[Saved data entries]
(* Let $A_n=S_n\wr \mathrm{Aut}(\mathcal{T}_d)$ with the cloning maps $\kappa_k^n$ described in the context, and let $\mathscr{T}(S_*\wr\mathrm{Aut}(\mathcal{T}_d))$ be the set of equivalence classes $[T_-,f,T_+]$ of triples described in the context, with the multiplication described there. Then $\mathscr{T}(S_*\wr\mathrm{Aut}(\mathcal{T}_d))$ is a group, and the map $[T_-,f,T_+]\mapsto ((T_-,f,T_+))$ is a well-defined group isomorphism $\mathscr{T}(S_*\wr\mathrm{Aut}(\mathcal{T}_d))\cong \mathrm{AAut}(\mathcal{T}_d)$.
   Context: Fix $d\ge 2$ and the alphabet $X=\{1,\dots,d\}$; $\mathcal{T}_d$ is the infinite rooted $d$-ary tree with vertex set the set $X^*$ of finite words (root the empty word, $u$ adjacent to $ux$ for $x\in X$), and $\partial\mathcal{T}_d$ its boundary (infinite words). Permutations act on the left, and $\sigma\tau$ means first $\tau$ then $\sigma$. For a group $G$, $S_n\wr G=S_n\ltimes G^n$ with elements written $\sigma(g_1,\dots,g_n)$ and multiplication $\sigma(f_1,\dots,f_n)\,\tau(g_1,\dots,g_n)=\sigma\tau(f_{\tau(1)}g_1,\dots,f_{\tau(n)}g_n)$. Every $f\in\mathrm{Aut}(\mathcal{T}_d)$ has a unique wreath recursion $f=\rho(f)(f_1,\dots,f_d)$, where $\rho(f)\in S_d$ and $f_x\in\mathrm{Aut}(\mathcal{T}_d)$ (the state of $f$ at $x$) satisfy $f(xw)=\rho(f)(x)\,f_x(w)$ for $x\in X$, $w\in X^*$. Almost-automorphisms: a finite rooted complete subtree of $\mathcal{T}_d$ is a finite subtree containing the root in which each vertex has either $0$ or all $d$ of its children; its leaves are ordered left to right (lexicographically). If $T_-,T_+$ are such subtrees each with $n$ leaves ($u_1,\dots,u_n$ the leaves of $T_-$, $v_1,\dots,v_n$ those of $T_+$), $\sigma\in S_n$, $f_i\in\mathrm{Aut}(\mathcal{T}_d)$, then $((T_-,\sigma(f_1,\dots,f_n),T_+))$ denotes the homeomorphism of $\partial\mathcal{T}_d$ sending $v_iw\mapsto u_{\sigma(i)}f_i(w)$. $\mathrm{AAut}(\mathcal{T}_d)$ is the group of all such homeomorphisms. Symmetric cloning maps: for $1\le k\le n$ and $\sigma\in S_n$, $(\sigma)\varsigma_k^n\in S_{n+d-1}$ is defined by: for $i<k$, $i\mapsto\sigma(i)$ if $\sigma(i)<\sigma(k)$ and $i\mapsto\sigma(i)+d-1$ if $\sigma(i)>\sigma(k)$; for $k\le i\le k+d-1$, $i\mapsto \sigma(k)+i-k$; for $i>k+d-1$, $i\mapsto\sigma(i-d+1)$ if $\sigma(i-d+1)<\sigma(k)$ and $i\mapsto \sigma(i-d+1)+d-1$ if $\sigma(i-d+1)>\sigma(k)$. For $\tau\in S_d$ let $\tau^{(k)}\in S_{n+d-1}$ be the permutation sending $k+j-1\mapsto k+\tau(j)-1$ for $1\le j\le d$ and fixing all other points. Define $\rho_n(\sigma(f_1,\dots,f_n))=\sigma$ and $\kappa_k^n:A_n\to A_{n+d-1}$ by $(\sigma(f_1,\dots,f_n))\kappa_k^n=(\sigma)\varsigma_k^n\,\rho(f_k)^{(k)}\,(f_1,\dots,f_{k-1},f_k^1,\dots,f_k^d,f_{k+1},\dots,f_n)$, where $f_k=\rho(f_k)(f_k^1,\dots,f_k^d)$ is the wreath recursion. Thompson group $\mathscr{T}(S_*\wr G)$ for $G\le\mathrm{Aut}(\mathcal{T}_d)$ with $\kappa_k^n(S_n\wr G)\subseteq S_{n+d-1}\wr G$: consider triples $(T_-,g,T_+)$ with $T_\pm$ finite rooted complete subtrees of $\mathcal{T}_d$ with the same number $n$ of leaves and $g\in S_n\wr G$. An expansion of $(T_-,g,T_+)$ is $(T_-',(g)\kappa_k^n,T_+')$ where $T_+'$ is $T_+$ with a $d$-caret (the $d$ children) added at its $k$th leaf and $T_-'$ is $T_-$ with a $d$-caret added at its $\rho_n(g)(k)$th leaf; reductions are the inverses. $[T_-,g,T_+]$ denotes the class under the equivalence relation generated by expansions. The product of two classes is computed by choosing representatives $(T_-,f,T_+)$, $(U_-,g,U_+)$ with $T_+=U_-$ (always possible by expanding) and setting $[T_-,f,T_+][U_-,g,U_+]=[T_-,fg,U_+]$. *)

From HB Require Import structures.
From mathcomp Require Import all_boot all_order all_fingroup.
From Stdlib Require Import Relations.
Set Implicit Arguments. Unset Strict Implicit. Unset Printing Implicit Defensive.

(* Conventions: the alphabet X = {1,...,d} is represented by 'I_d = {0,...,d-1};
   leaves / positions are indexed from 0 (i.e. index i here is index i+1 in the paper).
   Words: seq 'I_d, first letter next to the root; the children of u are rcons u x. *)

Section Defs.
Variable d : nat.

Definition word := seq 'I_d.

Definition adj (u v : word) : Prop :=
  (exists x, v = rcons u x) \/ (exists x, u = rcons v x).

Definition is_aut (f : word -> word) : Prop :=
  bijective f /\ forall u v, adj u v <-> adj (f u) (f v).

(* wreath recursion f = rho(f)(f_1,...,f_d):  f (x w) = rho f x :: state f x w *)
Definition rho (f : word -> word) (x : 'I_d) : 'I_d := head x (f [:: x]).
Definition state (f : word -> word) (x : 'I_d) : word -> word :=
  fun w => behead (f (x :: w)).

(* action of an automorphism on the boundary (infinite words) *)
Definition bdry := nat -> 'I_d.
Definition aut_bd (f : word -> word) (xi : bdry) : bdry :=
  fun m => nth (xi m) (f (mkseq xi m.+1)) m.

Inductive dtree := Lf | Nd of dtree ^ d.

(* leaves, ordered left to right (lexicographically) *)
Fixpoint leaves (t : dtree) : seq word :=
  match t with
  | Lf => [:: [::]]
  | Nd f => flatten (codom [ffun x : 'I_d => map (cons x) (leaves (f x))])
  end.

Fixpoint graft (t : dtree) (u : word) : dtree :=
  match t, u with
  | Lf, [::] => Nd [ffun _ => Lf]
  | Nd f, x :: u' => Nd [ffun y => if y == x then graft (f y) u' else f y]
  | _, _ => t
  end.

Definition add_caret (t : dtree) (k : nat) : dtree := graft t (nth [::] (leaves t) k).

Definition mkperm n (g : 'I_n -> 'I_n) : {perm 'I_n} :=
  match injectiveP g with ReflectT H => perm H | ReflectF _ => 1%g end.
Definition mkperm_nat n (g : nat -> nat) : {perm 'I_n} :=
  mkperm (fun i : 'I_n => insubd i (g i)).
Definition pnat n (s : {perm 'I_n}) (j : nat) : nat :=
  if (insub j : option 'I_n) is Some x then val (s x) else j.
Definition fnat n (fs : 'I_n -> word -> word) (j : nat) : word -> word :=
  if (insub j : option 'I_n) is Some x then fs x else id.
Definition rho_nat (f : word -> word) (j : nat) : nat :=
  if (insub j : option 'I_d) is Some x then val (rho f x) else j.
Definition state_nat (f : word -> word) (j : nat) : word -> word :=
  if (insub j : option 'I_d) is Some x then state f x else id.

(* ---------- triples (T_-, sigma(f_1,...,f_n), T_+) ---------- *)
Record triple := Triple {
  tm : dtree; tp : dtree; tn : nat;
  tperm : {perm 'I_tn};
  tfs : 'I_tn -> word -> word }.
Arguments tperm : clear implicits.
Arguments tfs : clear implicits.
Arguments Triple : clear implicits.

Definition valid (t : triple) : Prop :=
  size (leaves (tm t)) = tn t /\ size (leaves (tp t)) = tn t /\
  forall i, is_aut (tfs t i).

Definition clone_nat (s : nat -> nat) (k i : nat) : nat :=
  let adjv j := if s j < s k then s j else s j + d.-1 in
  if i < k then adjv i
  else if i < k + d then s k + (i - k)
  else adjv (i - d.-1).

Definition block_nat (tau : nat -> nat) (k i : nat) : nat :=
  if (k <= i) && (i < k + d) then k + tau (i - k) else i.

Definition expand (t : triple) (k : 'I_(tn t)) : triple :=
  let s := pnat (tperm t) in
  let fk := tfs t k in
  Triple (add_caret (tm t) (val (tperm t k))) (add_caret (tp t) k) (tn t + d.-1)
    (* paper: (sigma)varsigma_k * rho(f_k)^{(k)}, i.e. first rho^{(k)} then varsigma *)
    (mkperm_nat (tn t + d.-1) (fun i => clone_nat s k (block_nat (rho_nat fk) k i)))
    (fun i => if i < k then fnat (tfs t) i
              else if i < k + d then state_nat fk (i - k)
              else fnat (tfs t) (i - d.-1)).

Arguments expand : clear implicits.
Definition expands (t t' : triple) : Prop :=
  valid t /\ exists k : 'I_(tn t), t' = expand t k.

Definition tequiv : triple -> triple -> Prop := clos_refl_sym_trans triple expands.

* * *

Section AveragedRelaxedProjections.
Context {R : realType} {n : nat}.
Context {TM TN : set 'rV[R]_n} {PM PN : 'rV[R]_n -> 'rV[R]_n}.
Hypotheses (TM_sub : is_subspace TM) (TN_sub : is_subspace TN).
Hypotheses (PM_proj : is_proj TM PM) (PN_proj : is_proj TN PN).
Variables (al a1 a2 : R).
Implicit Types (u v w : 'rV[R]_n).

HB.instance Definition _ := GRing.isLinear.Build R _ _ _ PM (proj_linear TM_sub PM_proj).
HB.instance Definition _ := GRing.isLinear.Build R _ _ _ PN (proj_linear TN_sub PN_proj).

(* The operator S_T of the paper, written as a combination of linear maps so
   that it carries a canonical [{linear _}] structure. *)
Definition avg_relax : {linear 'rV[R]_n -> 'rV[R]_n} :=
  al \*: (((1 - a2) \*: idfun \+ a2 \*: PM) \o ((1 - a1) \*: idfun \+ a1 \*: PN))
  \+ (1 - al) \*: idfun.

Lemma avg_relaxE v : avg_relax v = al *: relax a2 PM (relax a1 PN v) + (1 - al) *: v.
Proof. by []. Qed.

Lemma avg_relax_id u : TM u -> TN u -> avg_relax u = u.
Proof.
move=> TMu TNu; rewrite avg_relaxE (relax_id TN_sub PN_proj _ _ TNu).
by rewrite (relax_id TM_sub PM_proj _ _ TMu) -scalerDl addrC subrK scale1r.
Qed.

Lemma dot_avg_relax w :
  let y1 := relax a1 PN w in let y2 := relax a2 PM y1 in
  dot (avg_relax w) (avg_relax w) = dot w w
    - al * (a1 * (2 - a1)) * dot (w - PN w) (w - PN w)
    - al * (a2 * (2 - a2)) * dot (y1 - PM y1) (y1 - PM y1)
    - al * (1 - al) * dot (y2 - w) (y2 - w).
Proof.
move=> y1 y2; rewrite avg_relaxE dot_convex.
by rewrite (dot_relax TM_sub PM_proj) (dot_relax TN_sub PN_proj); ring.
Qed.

▶ Problem description
Look through the data above. Each line containing the word "paper" needs to be copied.

▶ Worked solution
   leaves / positions are indexed from 0 (i.e. index i here is index i+1 in the paper).
    (* paper: (sigma)varsigma_k * rho(f_k)^{(k)}, i.e. first rho^{(k)} then varsigma *)
(* The operator S_T of the paper, written as a combination of linear maps so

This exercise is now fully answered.